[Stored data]
(* Let $K$ be a Cantor set with metric $d$. For every endomorphism $T:K\to K$ and every $\varepsilon>0$ there exists an endomorphism $\widetilde T:K\to K$ such that $D(T,\widetilde T)=\max_{x\in K} d(T(x),\widetilde T(x))<\varepsilon$ and the orbit of every point of $K$ under $\widetilde T$ is finally periodic.
   Context: A Cantor set is a nonempty totally disconnected, perfect, compact metric space. An endomorphism of $K$ is a continuous surjection $K\to K$. The orbit of $x\in K$ under a map $S$ is finally periodic if there exist integers $j,N>0$ with $S^{N+j}(x)=S^{j}(x)$. *)

From HB Require Import structures.
From mathcomp Require Import all_boot all_order all_algebra.
From mathcomp Require Import all_classical all_reals all_analysis.
Set Implicit Arguments. Unset Strict Implicit. Unset Printing Implicit Defensive.
Import Order.TTheory GRing.Theory Num.Theory.
Local Open Scope classical_set_scope.
Local Open Scope ring_scope.

Definition is_metric_of {R : realType} (K : pseudoMetricType R)
  (d : K -> K -> R) : Prop :=
  [/\ (forall x y, d x y = 0 <-> x = y),
      (forall x y, d x y = d y x),
      (forall x y z, d x z <= d x y + d y z) &
      (forall (x : K) (e : R), ball x e = [set y | d x y < e])].

Definition cantor_set {R : realType} (K : pseudoMetricType R) : Prop :=
  [/\ [set: K] !=set0, totally_disconnected [set: K],
      perfect_set [set: K] & compact [set: K]].

Definition endomorphism {R : realType} (K : pseudoMetricType R) (T : K -> K) : Prop :=
  continuous T /\ (forall y, exists x, T x = y).

Definition finally_periodic {X : Type} (S : X -> X) (x : X) : Prop :=
  exists j N : nat, [/\ (0 < j)%N, (0 < N)%N & iter (N + j) S x = iter j S x].

From HB Require Import structures.
From mathcomp Require Import all_boot all_order all_algebra.
From mathcomp Require Import all_classical all_reals all_analysis.
From mathcomp Require Import zify lra.
Set Implicit Arguments. Unset Strict Implicit. Unset Printing Implicit Defensive.
Import Order.TTheory GRing.Theory Num.Theory.
Import numFieldNormedType.Exports.
Local Open Scope classical_set_scope.

(* A compact, metric, totally disconnected space is zero-dimensional, hence
   homeomorphic to the Cantor space bool^nat, so it suffices to approximate a
   continuous surjection S of bool^nat.  By uniform continuity the first n
   bits of S x only depend on the first m bits of x.  Since S is onto, every
   m-bit word v has a parent w such that S maps the cylinder of w into the
   n-cylinder of v.  The approximation sends the cylinder of a childless word
   w to the single point S (w 0 0 ...), and maps the cylinder of any other
   word onto the union of the cylinders of its children, choosing the child
   by a prefix code read (and dropped) from the tail.  An orbit that never
   meets a childless cylinder reads a backward orbit of the parent map, which
   is periodic, so the dropped bits repeat and the point is periodic; the
   other orbits land in a finite set of points, which are preperiodic by the
   pigeonhole principle. *)

Lemma separated_closedl {T : topologicalType} {A B : set T} :
  closed (A `|` B) -> separated A B -> closed A.
Proof.
move=> clAB [clAB0 _]; rewrite closure_id; apply/seteqP; split.
  exact: subset_closure.
move=> z Az; have : closure (A `|` B) z by apply: closureS Az => w; left.
rewrite -(closure_id _).1 // => -[//|Bz].
by have : (closure A `&` B) z by []; rewrite clAB0.
Qed.

Section QuasiComponent.
Variable T : topologicalType.

Definition quasi_component (x : T) : set T :=
  [set z | forall U, clopen U -> U x -> U z].

Lemma closed_quasi_component x : closed (quasi_component x).
Proof.
have -> : quasi_component x = \bigcap_(U in [set U | clopen U /\ U x]) U.
  by apply/seteqP; split => [z Qz U [cU Ux]|z Qz U cU Ux]; exact: Qz.
by apply: closed_bigI => U [[_ clU] _].
Qed.

Hypothesis compactT : compact [set: T].

Lemma clopen_avoiding_quasi_component x (Z : set T) : closed Z ->
  quasi_component x `&` Z = set0 ->
  exists W, [/\ clopen W, W x & W `&` Z = set0].
Proof.
move=> clZ QZ; apply: contrapT => noW.
pose F := filter_from [set W | clopen W /\ W x] (fun W => W `&` Z).
have FF : ProperFilter F.
  apply: filter_from_proper; first apply: filter_from_filter.
  - by exists setT; split => //; exact: clopenT.
  - move=> W1 W2 [c1 x1] [c2 x2]; exists (W1 `&` W2).
      by split; [exact: clopenI | split].
    by move=> z [[? ?] ?].
  - by move=> W [cW Wx]; apply/set0P/eqP => WZ; apply: noW; exists W.
have FZ : F Z by exists setT; [split => //; exact: clopenT | move=> z []].
have [z [Zz Fz]] := subclosed_compact clZ compactT (subsetT Z) FF FZ.
suff Qz : quasi_component x z by have : (quasi_component x `&` Z) z by []; rewrite QZ.
move=> W cW Wx; apply: contrapT => nWz.
have nbhsCW : nbhs z (~` W).
  by apply: open_nbhs_nbhs; split => //; apply: closed_openC; case: cW.
have FW : F (W `&` Z) by exists W.
by have [w [[Ww _] nWw]] := Fz _ _ FW nbhsCW.
Qed.

Hypothesis hausdorffT : hausdorff_space T.
Theorem corollary1 (R : realFieldType) (n : nat) (hn : (0 < n)%N)
  (a : 'I_n -> R) (x : nat -> R)
  (hrec : satisfies_lde a x)
  (hmin : forall (m : nat) (c : 'I_m -> R), (m < n)%N -> ~ satisfies_lde c x)
  (X : ratfun R) (hX : expansion_at_infinity x X) :
  let N : 'M[ratfun R]_(n.+1) :=
    \matrix_(mu < n.+1, j < n.+1) fderivn (n + mu) (zF R ^+ (n - j) * X) in
  \rank N = n /\
  (forall alpha : 'I_n -> ratfun R,
     (forall mu : 'I_n.+1,
        fderivn (n + mu) (zF R ^+ n * X)
        = \sum_(i < n) alpha i * fderivn (n + mu) (zF R ^+ (n - 1 - i) * X))
     <-> (forall i : 'I_n, alpha i = (a i)%:P%:F)).
Proof.
move=> N.
have N0 mu : N mu ord0 = fderivn (n + mu) (zF R ^+ n * X) by rewrite mxE subn0.
have Nlift mu (i : 'I_n) :
    N mu (lift ord0 i) = fderivn (n + mu) (zF R ^+ (n - 1 - i) * X).
  by rewrite mxE lift0 subnS subnAC subn1.
have col0 mu : N mu ord0 = \sum_(i < n) (a i)%:P%:F * N mu (lift ord0 i).
  rewrite N0; have [T0 szT0 ->] := lde_ratfun hX hrec.
  rewrite fderivnD fderivn_tofrac derivn_poly0 ?(leq_trans szT0) ?leq_addr //.
  rewrite tofrac0 add0r fderivn_sum; apply: eq_bigr => i _.
  by rewrite fderivnCM Nlift.
have free (v : 'I_n -> ratfun R) :
    (forall mu, \sum_(i < n) v i * N mu (lift ord0 i) = 0) -> forall i, v i = 0.
  move=> hv; apply: (fderivn_zF_exp_wronskian_free hX hmin) => mu lt_mu.
  rewrite -[RHS](hv (widen_ord (leqnSn n) (Ordinal lt_mu))).
  by apply: eq_bigr => j _; rewrite Nlift.
split; first exact: rank_dep_first_col col0 free.
move=> alpha; rewrite -(dep_first_col_coefP col0 free).
split=> alpha_dep mu; [rewrite N0 alpha_dep | rewrite -N0 alpha_dep].
  all: by apply: eq_bigr => i _; rewrite Nlift.
Qed.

● **WORK ITEM**
After locating the line holding "bits of S x" above, output exactly that line and every line after it through the line holding "rewrite -(closure_id _).1 // => -[//|Bz].". Include nothing else.

● **ANSWER TO THIS TASK**
   bits of S x only depend on the first m bits of x.  Since S is onto, every
   m-bit word v has a parent w such that S maps the cylinder of w into the
   n-cylinder of v.  The approximation sends the cylinder of a childless word
   w to the single point S (w 0 0 ...), and maps the cylinder of any other
   word onto the union of the cylinders of its children, choosing the child
   by a prefix code read (and dropped) from the tail.  An orbit that never
   meets a childless cylinder reads a backward orbit of the parent map, which
   is periodic, so the dropped bits repeat and the point is periodic; the
   other orbits land in a finite set of points, which are preperiodic by the
   pigeonhole principle. *)

Lemma separated_closedl {T : topologicalType} {A B : set T} :
  closed (A `|` B) -> separated A B -> closed A.
Proof.
move=> clAB [clAB0 _]; rewrite closure_id; apply/seteqP; split.
  exact: subset_closure.
move=> z Az; have : closure (A `|` B) z by apply: closureS Az => w; left.
rewrite -(closure_id _).1 // => -[//|Bz].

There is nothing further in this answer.